I unlocked the library door and shuffled down the hallway, looking for Dr. Aldersyde's office. As I lifted my hand to knock on the door I yawned again and itched my nose. The bright fluorescent lights that had once instilled a deathly panic in my bones now seemed dull and powerless. It's amazing what knowledge of one's mind and self can do for your confidence. And it's quite a unique feeling to be at your brain's employ. The reproachful glares and undeniable impatience of my memories made me wonder whether I was either extremely brilliant or extremely disturbed. Maybe, after all this was over, maybe I would go in for a few appointments with my shrink every now and then. I'm sure Martin would appreciate that; he thinks I'm a crack head enough as it is…where the hell is Aldersyde?
I banged louder on his office door until a nurse touched my shoulder and I stopped. "Do you need something, dear?" I wanted to punch her in the face, I really did. This place, this "institute" really did a number on my nerves, and I realized if I ever got back on the job, I would be a much different agent.
"I'm looking for Dr. Aldersyde," I said as politely as my clamped jaw would allow. She checked a clipboard hanging from her neck.
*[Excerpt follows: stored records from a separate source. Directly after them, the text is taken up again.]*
(* There is $N$ such that for every $n\ge N$ the following holds. Let $R(x)=(2n-1)T_{2n+1}(x)+(2n+1)T_{2n-1}(x)$. For every positive root $\zeta$ of $U'_{2n-1}$ other than the smallest positive root, $R$ has a root in the interval $\left[\zeta-\frac{2}{5n^2\zeta},\ \zeta\right)$.
   Context: $T_m,U_m$ are Chebyshev polynomials of the first and second kind: $T_m(\cos\theta)=\cos m\theta$, $U_m(\cos\theta)=\sin((m+1)\theta)/\sin\theta$. *)

From Stdlib Require Import Reals Lra Lia.
Open Scope R_scope.

(* Chebyshev polynomials (as real functions), via the standard recurrence;
   they satisfy T_m(cos t) = cos(m t), U_m(cos t) = sin((m+1)t)/sin t. *)
Fixpoint cheb_pair (m : nat) (x : R) : R * R :=
  match m with
  | O => (1, x)                       (* (T_0, T_1) *)
  | S k => let (a, b) := cheb_pair k x in (b, 2 * x * b - a)
  end.
Definition chebT (m : nat) (x : R) : R := fst (cheb_pair m x).

Fixpoint chebU_pair (m : nat) (x : R) : R * R :=
  match m with
  | O => (1, 2 * x)                   (* (U_0, U_1) *)
  | S k => let (a, b) := chebU_pair k x in (b, 2 * x * b - a)
  end.
Definition chebU (m : nat) (x : R) : R := fst (chebU_pair m x).

Definition is_root_dU (m : nat) (z : R) : Prop :=
  derivable_pt_lim (chebU m) z 0.

Definition Rpoly (n : nat) (x : R) : R :=
  (2 * INR n - 1) * chebT (2 * n + 1) x + (2 * INR n + 1) * chebT (2 * n - 1) x.

From Stdlib Require Import Reals Lra Lia Psatz FunctionalExtensionality.
Open Scope R_scope.

(* Write zeta = cos t0 with 0 < t0 < PI/2 and K = 2n.  For such angles U'_{2n-1}(cos t) = 0
   means tan (K t) = K tan t, and R(cos t) = 2 (K cos (K t) cos t + sin (K t) sin t).  The
   phase K t - atan (K tan t) increases and is a multiple of PI exactly at these critical
   angles; since a larger critical angle exists, K t0 >= PI and K (PI/2 - t0) >= 3 PI/2,
   so K sin t0 and K cos t0 are bounded below.  At t0, R(cos t) has the sign of cos (K t0);
   after the step D = 29 / (20 K^2 sin t0 cos t0) it has the opposite sign, and a Taylor
   bound gives cos (t0 + D) >= zeta - 2 / (5 n^2 zeta). *)

Lemma nat_ind2 (P : nat -> Prop) :
  P 0%nat -> P 1%nat -> (forall m, P m -> P (S m) -> P (S (S m))) -> forall m, P m.
Proof.
  intros H0 H1 HS m.
  enough (H : P m /\ P (S m)) by apply H.
  induction m as [|m [IHm IHSm]]; split; auto.
Qed.

Lemma chebT_S m x : chebT (S m) x = snd (cheb_pair m x).
Proof. unfold chebT; simpl; now destruct (cheb_pair m x). Qed.

Lemma chebU_S m x : chebU (S m) x = snd (chebU_pair m x).
Proof. unfold chebU; simpl; now destruct (chebU_pair m x). Qed.

Lemma chebT_SS m x : chebT (S (S m)) x = 2 * x * chebT (S m) x - chebT m x.
Proof. rewrite !chebT_S; unfold chebT; simpl; now destruct (cheb_pair m x). Qed.

Lemma chebU_SS m x : chebU (S (S m)) x = 2 * x * chebU (S m) x - chebU m x.
Proof. rewrite !chebU_S; unfold chebU; simpl; now destruct (chebU_pair m x). Qed.

Lemma chebT_cos m t : chebT m (cos t) = cos (INR m * t).
Proof.
  induction m as [| |m IHm IHSm] using nat_ind2.
  - simpl; now rewrite Rmult_0_l, cos_0.
  - simpl; now rewrite Rmult_1_l.
  - rewrite chebT_SS, IHm, IHSm, !S_INR.
    replace ((INR m + 1 + 1) * t) with ((INR m + 1) * t + t) by ring.
    replace (INR m * t) with ((INR m + 1) * t - t) by ring.
    rewrite cos_plus, cos_minus; ring.
Qed.

Lemma chebU_cos m t : chebU m (cos t) * sin t = sin ((INR m + 1) * t).
Proof.
  induction m as [| |m IHm IHSm] using nat_ind2.
  - simpl; rewrite Rplus_0_l, !Rmult_1_l; reflexivity.
  - unfold chebU; simpl. replace ((1 + 1) * t) with (t + t) by ring. rewrite sin_plus; ring.
  - rewrite chebU_SS, !S_INR in *.
    replace ((2 * cos t * chebU (S m) (cos t) - chebU m (cos t)) * sin t)
      with (2 * cos t * (chebU (S m) (cos t) * sin t) - chebU m (cos t) * sin t) by ring.
    rewrite IHm, IHSm.
    replace ((INR m + 1 + 1 + 1) * t) with ((INR m + 1 + 1) * t + t) by ring.
    replace ((INR m + 1) * t) with ((INR m + 1 + 1) * t - t) by ring.
    rewrite sin_plus, sin_minus; ring.
Qed.

Fixpoint dchebU (m : nat) (x : R) : R :=
  match m with
  | O => 0
  | S O => 2
  | S ((S k) as k') => 2 * chebU k' x + 2 * x * dchebU k' x - dchebU k x
  end.

Lemma chebU_derivative m x : derivable_pt_lim (chebU m) x (dchebU m x).
Proof.
  induction m as [| |m IHm IHSm] using nat_ind2.
  - apply derivable_pt_lim_const.
  - replace (chebU 1) with (fun y => 2 * id y) by reflexivity.
    replace (dchebU 1 x) with (2 * 1) by (simpl; ring).
    apply derivable_pt_lim_scal, derivable_pt_lim_id.
  - replace (chebU (S (S m))) with (fun y => 2 * id y * chebU (S m) y - chebU m y)
      by (apply functional_extensionality; intro; now rewrite chebU_SS).
    replace (dchebU (S (S m)) x)
      with ((2 * 1 * chebU (S m) x + 2 * id x * dchebU (S m) x) - dchebU m x) by (unfold id; simpl; ring).
    apply derivable_pt_lim_minus, IHm.
    apply derivable_pt_lim_mult, IHSm.
    apply derivable_pt_lim_scal, derivable_pt_lim_id.
Qed.
(* Let $\mathcal{L} \subset \mathbb{R}^n$ be a stable full-rank lattice such that every decomposition $\mathcal{L} \cong \mathcal{L}_1 \oplus \mathcal{L}_2$ with $\mathcal{L}_2$ non-trivial and indecomposable has $\mathrm{rank}(\mathcal{L}_2) = 1$. Then $\mathcal{L} \cong \mathbb{Z}^n$.
   Context: A lattice of rank $d$ is the set of integer combinations of $d$ linearly independent vectors $\mathbf{B}\in\mathbb{R}^{n\times d}$; $\det(\mathcal{L})=\sqrt{\det(\mathbf{B}^T\mathbf{B})}$, $\det(\{\vec 0\}):=1$. A sublattice is any additive subgroup. A lattice $\mathcal{L}$ is stable if $\det(\mathcal{L}) = 1$ and $\det(\mathcal{L}') \geq 1$ for all sublattices $\mathcal{L}' \subseteq \mathcal{L}$. The direct sum $\oplus$ of lattices is the orthogonal direct sum; $\cong$ means isomorphic via a linear isometry. A lattice is decomposable if it is isomorphic to a direct sum of non-trivial lattices of strictly lower rank, and indecomposable otherwise; $\mathcal{L}_1$ may be the trivial lattice $\{\vec 0\}$. *)

From HB Require Import structures.
From mathcomp Require Import all_boot all_order all_algebra.
From mathcomp Require Import reals.
Set Implicit Arguments. Unset Strict Implicit. Unset Printing Implicit Defensive.
Import Order.TTheory GRing.Theory Num.Theory.
Local Open Scope ring_scope.

(* A lattice of rank d in R^m is given by a basis: the d rows of a
   row-free matrix B : 'M_(d, m) (vectors are row vectors). *)
Section Lattices.
Variable R : realType.

Definition in_lat (d m : nat) (B : 'M[R]_(d, m)) (v : 'rV[R]_m) : Prop :=
  exists z : 'rV[int]_d, v = map_mx (fun x : int => x%:~R) z *m B.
Running her finger down what seemed to be a list, she tapped a spot on the paper with her pen.
"He's at lunch until 1:30, dear," she answered in a syrupy voice. Lunch? At a time like this? Lunch? Well, I…I…well, what kind of lunch?
"Okay, thank you," I told her and walked off towards the cafeteria, my stomach gleefully entertaining the thought of a giant rotisserie chicken, but the nurse caught up with me. "No, it's okay, I know where I'm going."
"Do you have permission to be out of your room, dear?" I stared at her blankly. "Can you hear me, young lady?"
"Yeah, yeah, I hear you. No, I don't. I was in the library doing some research for Dr. Alder—hey!" She yanked the notebook from my hands and looked at the manic sketches I drew. Her face grew pale and her lips parted in horror as I realized what sort of crazed lunatic I probably seemed like with the eight murders articulately drawn out in a diagram. "No, it's not what you think. Can I have that back—I can explain everything if you just…"
She held it away from me and brought a walkie-talkie to her lips. "Security, I need security. We've got a rogue patient here with homicidal tendencies, bring the suit. I'll try to secure her for the time being but she could be hostile."
I groaned. "Jesus Christ, lady, just give me back the notebook, and I'll explain. Where's Dr. Aldersyde? He'd have a stroke if he saw what you're doing here." She pinned me against the wall and my blonde hair caught painfully under her left arm while the right was held under my chin so that I could barely breathe.
"And who's Paul Mathers, hmm? Your next victim?" Her white face was hot with excitement and fear as I squirmed under her grasp. "Security! Over here! Security! " Out of the corner of my eye, I saw three giant men sweep me into arms ripped with bulging muscle as my own arms were forced into a sickeningly familiar white jacket. I didn't squirm and instead stood there stock still while they apprehended their so-called dangerous fugitive. "Oh, for the love of God! This is ridiculous!"
"Stay calm, ma'am," a huge black guy said, sticking a syringe into my arm. "Just stay calm."
I glared at him sarcastically and leaned against him. "Well, hold me, goddammit, I'm going to conk out in like three seconds and my head has sustained enough injury with Hulk Hogan over here…" The nurse pursed her lips and sniffed. Three seconds passed, and sure enough, with very little grace, so did I.